CASE REPORTS: The first patient was a boy aged six years and five months presenting weight of 14.5 kg (< P3), height of 112 cm (P10), head circumference of 49 cm (P2), prominent forehead, triangular and asymmetric face, thin lips, right microtia with overfolded helix, small hands, micropenis (< P10), small testes and hallux valgus. His lymphocyte karyotype was mos 47,XY,+9 [4 ]/46,XY [50 ]. Additional cytogenetic assessment of the skin showed normal results.
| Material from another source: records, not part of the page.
Theorem mainTheorem6 (n : nat) (U : R -> R -> Prop) (X : R -> R -> vec)
  (Z : vec) (w : R -> R -> nat -> R) :
  open2 U ->
  (forall k, (k <= n)%nat -> smooth_on U (fun u v => X u v k)) ->
  (* M is timelike: the induced metric has signature (1,1) *)
  (forall u v, U u v -> gdet n X u v < 0) ->
  (* Z is a constant unit spacelike vector *)
  mink n Z Z = 1 ->
  (* canonical null direction: Z^T is lightlike everywhere on M *)
  (forall u v, U u v ->
     vnonzero n (tanp n X Z u v) /\ mink n (tanp n X Z u v) (tanp n X Z u v) = 0) ->
  (* W is the lightlike tangent field with <Z^T, W> = -1 *)
  (forall u v, U u v ->
     vnonzero n (tvec X (w u v) u v) /\
     mink n (tvec X (w u v) u v) (tvec X (w u v) u v) = 0 /\
     mink n (tanp n X Z u v) (tvec X (w u v) u v) = -1) ->
  forall u v, U u v ->
    veq n (nablaperp n X (w u v) (Hvec n X) u v)
          (vopp (nablaperp n X (ZTc n X Z u v)
                   (fun a b => II n X (w a b) (w a b) a b) u v)) /\
    mink n (Hvec n X u v) (Hvec n X u v)
      = - mink n (nablaperp n X (w u v) (Hvec n X) u v) (norp n X Z u v) /\
    Kgauss n X u v
      = mink n (Hvec n X u v) (Hvec n X u v)
        - mink n (II n X (w u v) (w u v) u v)
                 (II n X (ZTc n X Z u v) (ZTc n X Z u v) u v).
Proof.
  intros HU HXs _ _ Hnull HW u v Huv.
  pose proof (smooth_on_Xcut n U X HXs) as HX'.
  assert (HT : forall a b, tcoef n (Xcut n X) Z a b = tcoef n X Z a b)
    by (intros; apply tcoef_Xcut; intros c _; reflexivity).
  assert (Hframe : forall a b, U a b -> null_frame n (Xcut n X) (tcoef n (Xcut n X) Z a b) (w a b) a b).
  { intros a b H. rewrite HT. apply null_frame_Xcut.
    destruct (Hnull a b H) as [_ Htt], (HW a b H) as [_ [Hww Htw]]. split; auto. }
  pose proof (fields_eq_veq n _ _ (Hvec_Xcut n X) u v) as VH.
  split; [|split].
  - intros c Hc.
    rewrite <- (nablaperp_Xcut n X _ _ _ u v (Hvec_Xcut n X) c Hc),
      (nablaperp_Hvec n U _ HU HX' Z w Hframe u v Huv).
    unfold vopp, ZTc. rewrite HT, (nablaperp_Xcut n X _ _ _ u v (II_field_Xcut n X _ _) c Hc).
    reflexivity.
  - rewrite <- (mink_veq n _ _ _ _ VH VH),
      <- (mink_veq n _ _ _ _ (nablaperp_Xcut n X _ _ _ u v (Hvec_Xcut n X))
            (norp_Xcut n X Z Z u v (fun _ _ => eq_refl))).
    exact (mink_Hvec_nablaperp_Zperp n U _ HU HX' Z w Hframe u v Huv).
  - rewrite <- Kgauss_Xcut, (Kgauss_null_frame n U _ HU HX' _ _ u v Huv (Hframe u v Huv)).
    unfold ZTc. rewrite HT, (mink_veq n _ _ _ _ VH VH).
    rewrite (mink_veq n _ _ _ _ (II_Xcut n X _ _ u v) (II_Xcut n X _ _ u v)). reflexivity.
Qed.
Lemma net_correspondence (R : realType) (X Y : Type) (dX : X -> X -> R)
    (dY : Y -> Y -> R) (y0 : Y) eps (sY : seq Y) (f : X -> Y) (g : Y -> X) A B K :
  is_metric dY -> 0 <= eps -> is_eps_net dY eps sY ->
  dis_bounded dX dY f A -> dis_bounded dY dX g B ->
  A + 4 * eps + (size sY).-1%:R * (A + B + 2 * eps) <= K ->
  exists F G,
    [/\ dis_bounded dX dY F K, dis_bounded dY dX G K & codis_bounded dX dY F G K].
Proof.
move=> mY eps_ge0 net f_bd g_bd; set delta := A + B + 2 * eps => K_ge.
have [pr pr_spec] := choice net.
have pr_s y : List.In (pr y) sY by case: (pr_spec y).
have pr_eps y : dY y (pr y) <= eps by case: (pr_spec y).
have pr_bd := dis_bounded_net_proj mY pr_eps.
have F_bd : dis_bounded dX dY (pr \o f) (A + 2 * eps) := dis_bounded_comp f_bd pr_bd.
pose psi := pr \o f \o g.
have psi_bd : dis_bounded dY dY psi delta.
  by move=> u v; apply: le_trans (dis_bounded_comp g_bd F_bd u v) _; rewrite /delta; lra.
have [k [k_gt0 k_dist k_pair]] :=
  exists_return_times mY psi_bd (fun y _ => pr_s (f (g y))).
pose G y := g (iter (k (pr y)).-1 psi (pr y)).
have FG y : pr (f (G y)) = iter (k (pr y)) psi (pr y).
  by rewrite -[in RHS](prednK (k_gt0 _ (pr_s y))) iterS.
have err_ge0 : 0 <= (size sY).-1%:R * delta.
  by rewrite mulr_ge0 // (dis_bounded_ge0 mY mY psi_bd y0).
exists (pr \o f), G; split => [x x' | y y' | x y].
- by apply: le_trans (F_bd x x') _; lra.
- have FG_yy' := F_bd (G y) (G y'); rewrite /= !FG distrC in FG_yy'.
  have ret_yy' := k_pair _ _ (pr_s y) (pr_s y').
  apply: le_trans (ler_distD (dY (pr y) (pr y')) _ _) _.
  apply: le_trans (lerD (pr_bd y y') (ler_distD (dY (iter (k (pr y)) psi (pr y))
                                          (iter (k (pr y')) psi (pr y'))) _ _)) _.
  by lra.
- set w := iter (k (pr y)) psi (pr y).
  have FG_xy := F_bd x (G y); rewrite /= FG in FG_xy.
  have w_y := metric_dist_diff_le mY (pr (f x)) w (pr (f x)) y.
  rewrite metric_dist0 // add0r in w_y.
  have w_pry_y := metric_triangle mY w (pr y) y.
  have y_pry := pr_eps y; rewrite metric_distC // in y_pry.
  have pry_w := k_dist _ (pr_s y); rewrite metric_distC // in pry_w.
  apply: le_trans (ler_distD (dY (pr (f x)) w) _ _) _.
  by lra.
Qed.

Lemma eps_net_size_gt0 (R : realType) (T : Type) (d : T -> T -> R) eps (s : seq T) :
  T -> is_eps_net d eps s -> (0 < size s)%N.
Proof. by move=> t /(_ t)[w [+ _]]; case: s. Qed.

Lemma min_net_correspondence (R : realType) (X Y : Type) (dX : X -> X -> R)
    (dY : Y -> Y -> R) (x0 : X) (y0 : Y) eps (sX : seq X) (sY : seq Y)
    (f : X -> Y) (g : Y -> X) M K :
  is_metric dX -> is_metric dY -> 0 <= eps ->
  is_eps_net dX eps sX -> is_eps_net dY eps sY ->
  dis_bounded dX dY f M -> dis_bounded dY dX g M ->
  let n := minn (size sX) (size sY) in
  (2 * n%:R - 1) * M + (2 * n%:R + 2) * eps <= K ->
  exists F G,
    [/\ dis_bounded dX dY F K, dis_bounded dY dX G K & codis_bounded dX dY F G K].
Proof.
move=> mX mY eps_ge0 netX netY f_bd g_bd n K_ge.
have n_gt0 : (0 < n)%N.
  by rewrite leq_min (eps_net_size_gt0 x0 netX) (eps_net_size_gt0 y0 netY).
have err_le m : m = n -> M + 4 * eps + m.-1%:R * (M + M + 2 * eps) <= K.
  move=> ->; apply: le_trans K_ge; rewrite -subn1 natrB //.
  by rewrite le_eqVlt; apply/orP; left; apply/eqP; ring.
case: (leqP (size sY) (size sX)) => sizes.
  exact: (net_correspondence y0 mY eps_ge0 netY f_bd g_bd
           (err_le _ (esym (elimT minn_idPr sizes)))).
have [G [F [G_bd F_bd GF_bd]]] := net_correspondence x0 mX eps_ge0 netX g_bd f_bd
  (err_le _ (esym (elimT minn_idPl (ltnW sizes)))).
by exists F, G; split => //; apply: codis_bounded_sym.
Qed.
The second patient was a two-year-old girl who was initially assessed at five months of age, when she presented weight of 5.3 kg (< P3), height of 61.5 cm (P2-P10), head circumference of 40.5 cm (P25), sparse hair, micrognathia, right ear with overfolded helix and preauricular pit, triphalangeal thumbs and sacral dimple. She also had a history of congenital heart disease, hearing loss, hypotonia, delayed neuropsychomotor development and swallowing disorder. Her lymphocyte karyotype was mos 47,XX,+9 [3 ]/46,XX [69 ]. Both patients had unusual clinical findings (the first, hemifacial hypoplasia associated with microtia, with a phenotype of oculo-auriculo-vertebral spectrum, and the second, triphalangeal thumbs and hearing loss) and survival greater than what is usually described in the literature (< 1 year). Further reports will be critical for delineating the clinical features and determining the evolution of patients with mosaic trisomy 9.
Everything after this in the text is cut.